# Assignment 3

This assignment gives you practice working with dictionaries and functions.

# Part 1: Dictionaries

Dictionaries map keys to values. Like sets, they must have unique keys, and setting a key twice discards any previous value and keeps the latest one. First let's test your understanding of these concepts:

Consider the following dictionary:

```python
d = {'a': 1,
     'b': 2,
     'a': 3}
```

What is the length of `d`?

What is the value mapped by the key `'a'`?

The length of d is 2. The value mapped by 'a' is 3.

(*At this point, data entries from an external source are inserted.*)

(* Let $L_1=\langle\mathbf{A}_1,D_1\rangle$ and $L_2=\langle\mathbf{A}_2,D_2\rangle$ be two matrix logics over the same propositional signature such that $\mathbf{A}_2$ is a subalgebra of $\mathbf{A}_1$ and $D_2=D_1\cap A_2$. Suppose there is a formula $\circ'(p)$ depending on a single propositional variable $p$ such that, for every valuation $\vartheta$ over $L_1$ and every formula $\alpha$, $\vartheta(\circ'\alpha)\in D_1$ iff $\vartheta(\alpha)\in A_2$. Then for every set of formulas $\Gamma$ and formula $\alpha$: $\circ'(Var(\Gamma\cup\{\alpha\})),\Gamma\vdash_{L_1}\alpha$ iff $\Gamma\vdash_{L_2}\alpha$, where $\circ'(X)=\{\circ'(p): p\in X\}$ for a set $X$ of propositional variables.
   Context: A matrix logic $\langle\mathbf{A},D\rangle$ consists of an algebra $\mathbf{A}$ of the signature and a set $D\subseteq A$ of designated values; a valuation is a homomorphism from the formula algebra into $\mathbf{A}$, and $\Gamma\vdash\alpha$ iff every valuation $\vartheta$ with $\vartheta[\Gamma]\subseteq D$ has $\vartheta(\alpha)\in D$. $Var(\Delta)$ is the set of propositional variables occurring in the formulas of $\Delta$; $\circ'\alpha$ denotes the result of substituting $\alpha$ for $p$ in $\circ'(p)$. *)

From mathcomp Require Import all_boot.
Set Implicit Arguments. Unset Strict Implicit. Unset Printing Implicit Defensive.

Record signature := Signature { sym : Type; arity : sym -> nat }.

Inductive formula (S : signature) : Type :=
| Var : nat -> formula S
| App : forall c : sym S, ('I_(arity c) -> formula S) -> formula S.
Arguments Var {S} _.
Arguments App {S} _ _.

Record algebra (S : signature) := Algebra {
  carrier :> Type;
  op : forall c : sym S, ('I_(arity c) -> carrier) -> carrier }.
Arguments op {S} _ _ _.

(* Valuations: homomorphisms from the formula algebra, i.e. the unique
   homomorphic extension of an assignment of the variables. *)
Fixpoint eval (S : signature) (A : algebra S) (v : nat -> A) (f : formula S) : A :=
  match f with
  | Var n => v n
  | App c args => op A c (fun i => eval v (args i))
  end.

Record matrix (S : signature) := Matrix { alg : algebra S; designated : alg -> Prop }.
Arguments alg {S} _.
Arguments designated {S} _ _.

Definition entails (S : signature) (L : matrix S) (Gamma : formula S -> Prop)
  (a : formula S) : Prop :=
  forall v : nat -> alg L,
    (forall g, Gamma g -> designated L (eval v g)) -> designated L (eval v a).

Definition closed_sub (S : signature) (A : algebra S) (P : A -> Prop) : Prop :=
  forall c (xs : 'I_(arity c) -> A), (forall i, P (xs i)) -> P (op A c xs).

Definition subalgebra (S : signature) (A : algebra S) (P : A -> Prop)
  (HP : closed_sub P) : algebra S :=
  @Algebra S {x : A | P x}
    (fun c xs => exist P (op A c (fun i => proj1_sig (xs i)))
                   (HP c _ (fun i => proj2_sig (xs i)))).

(* The matrix <A2, D1 ∩ A2> with A2 the subalgebra with universe P. *)
Definition submatrix (S : signature) (L : matrix S) (P : alg L -> Prop)
  (HP : closed_sub P) : matrix S :=
  @Matrix S (subalgebra HP) (fun x => designated L (proj1_sig x)).

Fixpoint occurs (S : signature) (q : nat) (f : formula S) : Prop :=
  match f with
  | Var r => q = r
  | App c args => exists i, occurs q (args i)
  end.

Fixpoint subst1 (S : signature) (p : nat) (b : formula S) (f : formula S) : formula S :=
  match f with
  | Var r => if r == p then b else Var r
  | App c args => App c (fun i => subst1 p b (args i))
  end.

From mathcomp Require Import all_boot.
From Stdlib Require Import FunctionalExtensionality ClassicalEpsilon.
Set Implicit Arguments. Unset Strict Implicit.

(* A valuation into A2 is a valuation into A1 taking values in A2; conversely
   a valuation into A1 that makes every circ'(q), q a variable of the inference,
   designated sends those variables into A2, and on them it can be replaced by a
   valuation into A2 without changing the value of any formula involved. *)

Section Evaluation.

Variables (S : signature) (A : algebra S).

Lemma eval_ext_occurs (v w : nat -> A) (f : formula S) :
  (forall q, occurs q f -> v q = w q) -> eval v f = eval w f.
Proof.
elim: f => [r|c args IH] /= vw; first exact: vw.
congr (op A c); apply: functional_extensionality => i.
by apply: IH => q qi; apply: vw; exists i.
Qed.

Variables (P : A -> Prop) (HP : closed_sub P).

Lemma eval_closed_sub (v : nat -> A) (f : formula S) :
  (forall q, occurs q f -> P (v q)) -> P (eval v f).
Proof.
elim: f => [r|c args IH] /= vP; first exact: vP.
by apply: HP => i; apply: IH => q qi; apply: vP; exists i.
Qed.

Lemma val_eval_subalgebra (v : nat -> subalgebra HP) (f : formula S) :
  proj1_sig (eval v f) = eval (fun q => proj1_sig (v q)) f.
Proof.
elim: f => [r|c args IH] //=.
by congr (op A c); apply: functional_extensionality => i.
Qed.

Lemma exists_subalgebra_valuation (v : nat -> A) (x0 : subalgebra HP) :
  exists w : nat -> subalgebra HP, forall q, P (v q) -> proj1_sig (w q) = v q.
Proof.
exists (fun q => match excluded_middle_informative (P (v q)) with
                 | left vqP => exist P (v q) vqP
                 | right _ => x0 end).
by move=> q vqP; case: excluded_middle_informative.
Qed.

End Evaluation.

Section RelativeEntailment.

Variables (S : signature) (L1 : matrix S) (A2 : alg L1 -> Prop)
  (HA2 : closed_sub A2) (p : nat) (circ : formula S).

Hypothesis circ_designated : forall (v : nat -> alg L1) (a : formula S),
  designated L1 (eval v (subst1 p a circ)) <-> A2 (eval v a).

Definition inference_vars (Gamma : formula S -> Prop) (a : formula S) (q : nat) :=
  occurs q a \/ exists g, Gamma g /\ occurs q g.

Definition circ_premises (X : nat -> Prop) (g : formula S) :=
  exists q, X q /\ g = subst1 p (Var q) circ.

Lemma entails_submatrix_of_circ (Gamma : formula S -> Prop) (a : formula S) :
  entails L1 (fun g => circ_premises (inference_vars Gamma a) g \/ Gamma g) a ->
  entails (submatrix HA2) Gamma a.
Proof.
move=> ent1 v GammaD /=; rewrite val_eval_subalgebra.
apply: ent1 => g [[q [_ ->]] | Gamma_g].
- by apply/(circ_designated _ (Var q)); exact: proj2_sig (v q).
- by rewrite -val_eval_subalgebra; exact: GammaD.
Qed.

Lemma entails_circ_of_submatrix (Gamma : formula S -> Prop) (a : formula S) :
  entails (submatrix HA2) Gamma a ->
  entails L1 (fun g => circ_premises (inference_vars Gamma a) g \/ Gamma g) a.
Proof.
move=> ent2 v premD.
have varsA2 q : inference_vars Gamma a q -> A2 (v q).
  by move=> qvar; apply/(circ_designated _ (Var q)); apply: premD; left; exists q.
have aA2 : A2 (eval v a).
  by apply: eval_closed_sub => // q qa; apply: varsA2; left.
have [w wv] := exists_subalgebra_valuation (HP:=HA2) v (exist A2 _ aA2).
have eval_w f : (forall q, occurs q f -> inference_vars Gamma a q) ->
    eval v f = proj1_sig (eval w f).
  move=> fvars; rewrite val_eval_subalgebra; apply: eval_ext_occurs => q qf.
  by rewrite wv //; apply: varsA2; apply: fvars.
rewrite eval_w; last by move=> q qa; left.
apply: ent2 => g Gamma_g /=.
rewrite -eval_w; first by apply: premD; right.
by move=> q qg; right; exists g.
Qed.

End RelativeEntailment.

Theorem theorem19 (S : signature) (L1 : matrix S) (A2 : alg L1 -> Prop)
  (HA2 : closed_sub A2) (p : nat) (circ : formula S)
  (Hcirc_var : forall q, occurs q circ -> q = p)
  (Hcirc : forall (v : nat -> alg L1) (a : formula S),
      designated L1 (eval v (subst1 p a circ)) <-> A2 (eval v a)) :
  forall (Gamma : formula S -> Prop) (a : formula S),
    entails L1
      (fun g => (exists q, (occurs q a \/ exists g', Gamma g' /\ occurs q g')
                           /\ g = subst1 p (Var q) circ)
                \/ Gamma g) a
    <-> entails (submatrix HA2) Gamma a.
Proof.
(* Hcirc already quantifies over all formulas. *)
move=> Gamma a; split.
- exact: entails_submatrix_of_circ.
- exact: entails_circ_of_submatrix.
Qed.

These properties of dictionaries allow it, like sets, to be very fast for certain operations, such as key-value lookup and assignment. Let's demonstrate this by creating our own frequency distribution (like `nltk.FreqDist`). First we will see how long it takes to construct the frequency distribution using list methods. Since we want to pair each unique word with its count, we go over the set of words and use the `count()` method on the original list to see how many times it appears.

In [1]:
import time
import nltk

alice_words = nltk.corpus.gutenberg.words('carroll-alice.txt')
words_to_count = alice_words[:5000]
unique_words = set(words_to_count)

print('Version 1: using list.count() (give it a few seconds)')
start = time.perf_counter()                # get the start time

fd1 = {}                                   # make a dictionary to hold the frequency distribution
for word in unique_words:                  # only loop over unique words so we don't count each more than once
    fd1[word]= words_to_count.count(word)  # set the word to its count in the original text

stop = time.perf_counter()                 # get the end time
print('Version 1 took {} seconds'.format(stop - start))
print('Alice appears {} times in the first 5000 words'.format(fd1['Alice']))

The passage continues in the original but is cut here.